James managed to track down that other problem and indeed it seems to be unrelated to what you saw here, so we'll need to dig into this one separately. I've run out of time for today but when I'm able I'll see if I can reduce this to a minimal test case and then try to figure out what's going on here.

Sounds like a plan, @apparentlymart! If there's anything else I can do, please let me know. Happy to chase some rabbits if you don't have the bandwidth, I just need a direction! I'm still new at contributing to Terraform, so not entirely sure where exactly to look for things or how exactly to debug an issue like this.

Hi @nathanielks,

We spent a little time looking at this today and ended up concluding that the behavior here is subtle/weird enough that it would probably be more efficient for us to postpone this for the moment and revisit once we've got further along with our current project of switching to the improved interpreter I mentioned before. It's likely that the new implementation will make the situation better here immediately, and so time we'd spend digging into the details here now would probably be throwaway work.

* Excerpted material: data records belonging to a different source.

Lemma abs_phi_ratio (k : nat) :
  (N <= k)%nat -> Rabs (phi k) = Rabs (ratio phi k) * Rabs (phi (S k)).
Proof.
  intros Hk. rewrite <- Rabs_mult. unfold ratio. f_equal. field. apply phi_neq0. lia.
Qed.

Lemma abs_inv_ratio_lt1 (k : nat) : (N <= k)%nat -> Rabs (/ ratio phi k) < 1.
Proof.
  intros Hk. unfold ratio. rewrite Rinv_div, Rabs_div by (apply phi_neq0; lia).
  pose proof (Rabs_pos_lt _ (phi_neq0 k Hk)).
  apply (Rmult_lt_reg_r (Rabs (phi k))); [assumption|].
  unfold Rdiv. rewrite Rmult_assoc, Rinv_l, Rmult_1_r, Rmult_1_l by lra. apply Hdec, Hk.
Qed.

Lemma ratio_add_inv (k : nat) :
  (N <= k)%nat -> ratio phi k + / ratio phi (S k) = V (S k) + 2.
Proof.
  intros Hk. pose proof (Hsol (S k) ltac:(lia)) as Hrec. simpl pred in Hrec.
  pose proof (phi_neq0 (S k) ltac:(lia)).
  unfold ratio. rewrite Rinv_div.
  replace (phi k / phi (S k) + phi (S (S k)) / phi (S k))
    with ((phi k + phi (S (S k))) / phi (S k)) by (field; assumption).
  replace (phi k + phi (S (S k))) with ((V (S k) + 2) * phi (S k)) by lra.
  field. assumption.
Qed.

Lemma ratio_gt (k : nat) : (N <= k)%nat -> 1 + C < ratio phi k.
Proof.
  intros Hk. pose proof (ratio_add_inv k Hk).
  pose proof (Rle_abs (/ ratio phi (S k))). pose proof (abs_inv_ratio_lt1 (S k) ltac:(lia)).
  pose proof (HV (S k) ltac:(lia)). lra.
Qed.

Lemma abs_phi_step_K_A (n : nat) :
  (N <= n)%nat -> Rabs (phi (S n)) * ((V (S n) + 2) / K_A C) <= 1 * Rabs (phi n).
Proof.
  intros Hn. rewrite Rmult_1_l, (abs_phi_ratio n Hn).
  pose proof (ratio_gt n Hn) as Hr. pose proof (ratio_gt (S n) ltac:(lia)) as Hr1.
  rewrite (Rabs_pos_eq (ratio phi n)) by lra.
  pose proof (one_le_K_A C HC) as HK.
  assert (HKA : V (S n) + 2 <= K_A C * ratio phi n).
  { replace (ratio phi n) with (V (S n) + 2 - / ratio phi (S n))
      by (pose proof (ratio_add_inv n Hn); lra).
    apply le_K_A_mul; [exact HC | apply HV; lia | apply Rinv_0_lt_compat; lra |].
    apply (Rmult_lt_reg_r (ratio phi (S n))); [lra|].
    replace (/ ratio phi (S n) * (1 + C) * ratio phi (S n)) with (1 + C) by (field; lra).
    lra. }
  pose proof (Rabs_pos (phi (S n))).
  unfold Rdiv. apply (Rmult_le_reg_r (K_A C)); [lra|].
  rewrite !Rmult_assoc, Rinv_l, Rmult_1_r by lra. nra.
Qed.

Lemma prod_K_A_phi_bounded (m : nat) :
  (m <= N)%nat -> linf (fun n => prod_range (fun l => (V l + 2) / K_A C) m n * phi n).
Proof.
  intros Hm. set (f := fun l => (V l + 2) / K_A C).
  apply (linf_of_eventually_bounded _ N (Rabs (prod_range f m N * phi N))).
  refine (le_of_nonincreasing_from (fun n => Rabs (prod_range f m n * phi n)) N _).
  intros n Hn. rewrite <- (Rmult_1_l (Rabs (prod_range f m n * phi n))).
  apply abs_prod_range_step; [lia | | apply abs_phi_step_K_A, Hn].
  unfold f. apply Rdiv_le_0_compat; [pose proof (HV (S n) ltac:(lia)); lra|].
  pose proof (one_le_K_A C HC). lra.
Qed.

Let dev (n : nat) : R := Rmax 0 (lam (V (S n)) - ratio phi n).

Lemma lam_V_ge1_add_inv (k : nat) :
  (N <= k)%nat -> 1 <= lam (V k) /\ lam (V k) + / lam (V k) = V k + 2.
Proof. intros Hk. apply lam_ge1_add_inv. pose proof (HV k Hk). lra. Qed.

Lemma lam_sub_ratio (n : nat) :
  (N <= n)%nat -> lam (V (S n)) - ratio phi n = / ratio phi (S n) - / lam (V (S n)).
Proof.
  intros Hn. pose proof (ratio_add_inv n Hn).
  pose proof (lam_V_ge1_add_inv (S n) ltac:(lia)). lra.
Qed.

Lemma dev_le1 (n : nat) : (N <= n)%nat -> dev n <= 1.
Proof.
  intros Hn. unfold dev. apply Rmax_lub; [lra|]. rewrite lam_sub_ratio by exact Hn.
  pose proof (Rle_abs (/ ratio phi (S n))). pose proof (abs_inv_ratio_lt1 (S n) ltac:(lia)).
  destruct (lam_V_ge1_add_inv (S n) ltac:(lia)) as [Hl _].
  pose proof (Rinv_0_lt_compat (lam (V (S n))) ltac:(lra)). lra.
Qed.

Lemma abs_phi_step_lam (n : nat) :
  (N <= n)%nat -> Rabs (phi (S n)) * lam (V (S n)) <= (1 + dev n) * Rabs (phi n).
Proof.
  intros Hn. rewrite (abs_phi_ratio n Hn).
  pose proof (ratio_gt n Hn) as Hr. rewrite (Rabs_pos_eq (ratio phi n)) by lra.
  assert (Hl : lam (V (S n)) <= (1 + dev n) * ratio phi n).
  { pose proof (Rmax_r 0 (lam (V (S n)) - ratio phi n)).
    pose proof (Rmax_l 0 (lam (V (S n)) - ratio phi n)).
    fold (dev n) in *. nra. }
  pose proof (Rabs_pos (phi (S n))). nra.
Qed.
(* Let $\mathcal{K}\subset L^2(G)$ be a reproducing kernel Hilbert space, let $\Lambda$ be a relatively separated family in $G$, and let $(g_\lambda)_{\lambda\in\Lambda}$ be a system of $w$-molecules in $\mathcal{K}$ for some admissible weight $w$. Then $(g_\lambda)_{\lambda\in\Lambda}$ is a Bessel sequence in $\mathcal{K}$, i.e. there is $B>0$ with $\sum_{\lambda}|\langle f,g_\lambda\rangle|^2\le B\|f\|^2$ for all $f\in\mathcal{K}$.
   Context: $G$ is a $\sigma$-compact locally compact group with left Haar measure $\mu_G$; $Q$ a fixed symmetric open relatively compact neighborhood of $e$. $M_Qf(x)=\operatorname{ess\,sup}_{y\in xQ}|f(y)|$, $M_Q^Rf(x)=\operatorname{ess\,sup}_{y\in Qx}|f(y)|$. Admissible weight: measurable submultiplicative $w:G\to[1,\infty)$. $\mathcal{W}_w(G)=\{f\in C(G): w\cdot M_Q^RM_Qf\in L^1(G)\}$. RKHS: closed separable subspace of $L^2(G)$ with bounded point evaluations. A family $\Lambda$ is relatively separated if $\sup_x\#(\Lambda\cap xQ)<\infty$. A system of $w$-molecules is a family $(g_\lambda)_{\lambda\in\Lambda}$ in $\mathcal{K}$ with $|g_\lambda(x)|\le\min\{\Phi(\lambda^{-1}x),\Phi(x^{-1}\lambda)\}$ for all $x,\lambda$, for some non-negative $\Phi\in\mathcal{W}_w(G)$. *)

From HB Require Import structures.
From mathcomp Require Import all_boot all_order all_algebra.
From mathcomp Require Import all_classical all_reals all_analysis.
From mathcomp Require Import measurable_realfun.
From mathcomp Require complex.
Import complex.ComplexField.
Set Implicit Arguments. Unset Strict Implicit. Unset Printing Implicit Defensive.
Import Order.TTheory GRing.Theory Num.Theory numFieldNormedType.Exports.
Local Open Scope classical_set_scope.
Local Open Scope ring_scope.

Notation Borel G := (g_sigma_algebraType (@open G)).

Notation Cx R := (complex.complex R).
Definition csq {R : realType} (z : Cx R) : R :=
  complex.Re z ^+ 2 + complex.Im z ^+ 2.
Definition cabs {R : realType} (z : Cx R) : R := Num.sqrt (csq z).

Section Defs.
Context {R : realType} {G : ptopologicalType}.
Variables (mul : G -> G -> G) (inv : G -> G) (e : G).

Record is_sc_lc_group : Prop := {
  lcg_mulA : forall x y z, mul x (mul y z) = mul (mul x y) z;
  lcg_mul1 : forall x, mul e x = x;
  lcg_mul1r : forall x, mul x e = x;
  lcg_mulV : forall x, mul (inv x) x = e;
  lcg_mulVr : forall x, mul x (inv x) = e;
  lcg_cont_mul : continuous (fun p : G * G => mul p.1 p.2);
  lcg_cont_inv : continuous inv;
  lcg_hausdorff : hausdorff_space G;
  lcg_loc_compact : forall x : G, exists2 U : set G, nbhs x U & compact U;
  lcg_sigma_compact : exists K : nat -> set G,
      (forall n, compact (K n)) /\ \bigcup_n K n = setT }.

Variable mu : {measure set (Borel G) -> \bar R}.

Record is_left_haar : Prop := {
  haar_left_inv : forall (x : G) (A : set (Borel G)),
      measurable A -> mu (mul x @` A) = mu A;
  haar_compact_finite : forall K : set G, compact K -> (mu K < +oo)%E;
  haar_open_pos : forall U : set G, open U -> U !=set0 -> (0 < mu U)%E;
  haar_outer_regular : forall A : set (Borel G), measurable A ->
      mu A = ereal_inf [set mu U | U in [set U : set G | open U /\ A `<=` U]];
  haar_inner_regular : forall U : set G, open U ->
      mu U = ereal_sup [set mu K | K in [set K : set G | compact K /\ K `<=` U]] }.

Definition is_window (Q : set G) : Prop :=
  [/\ open Q, Q e, inv @` Q = Q & compact (closure Q)].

I'm sorry that this leaves you hanging for the moment. I'll follow up here again once we have the preview release of the new implementation ready (coming as soon as we have it integrated enough to be usable) and we can see to what extent the issue is fixed by that new implementation, and then plan for any additional fixes we might need to do in terms of that new implementation.

Sounds like a plan, @apparentlymart 👍

@nathanielks I might be missing something here, but if you put square brackets around the interpolation string, does Terraform correctly interpret it as a list?

eg.

security_groups = ["${compact(concat(list(aws_security_group.allow_all.id), var.security_groups))}"]

I had the same error with compacting a list of subnet IDs for a VPC, and the square brackets fixed it for me.

🤦‍♂️ 🤦‍♂️ 🤦‍♂️ 🤦‍♂️ 🤦‍♂️ 🤦‍♂️ 🤦‍♂️ 🤦‍♂️

@tdmalone thank you for the sanity check! Good eye... 👍

Why is this issue closed? Both compact and concat should return list, if you put it in square brackets you should get list inside the list.

@sbuljac I agree, and I think it's an idiosyncrasy to HCL they're looking to fix when HCL 2.0/Terraform 0.12 is officially released.

I'm going to lock this issue because it has been closed for _30 days_ ⏳. This helps our maintainers find and focus on the active issues.

If you have found a problem that seems similar to this, please open a new issue and complete the issue template so we can capture all the details necessary to investigate further.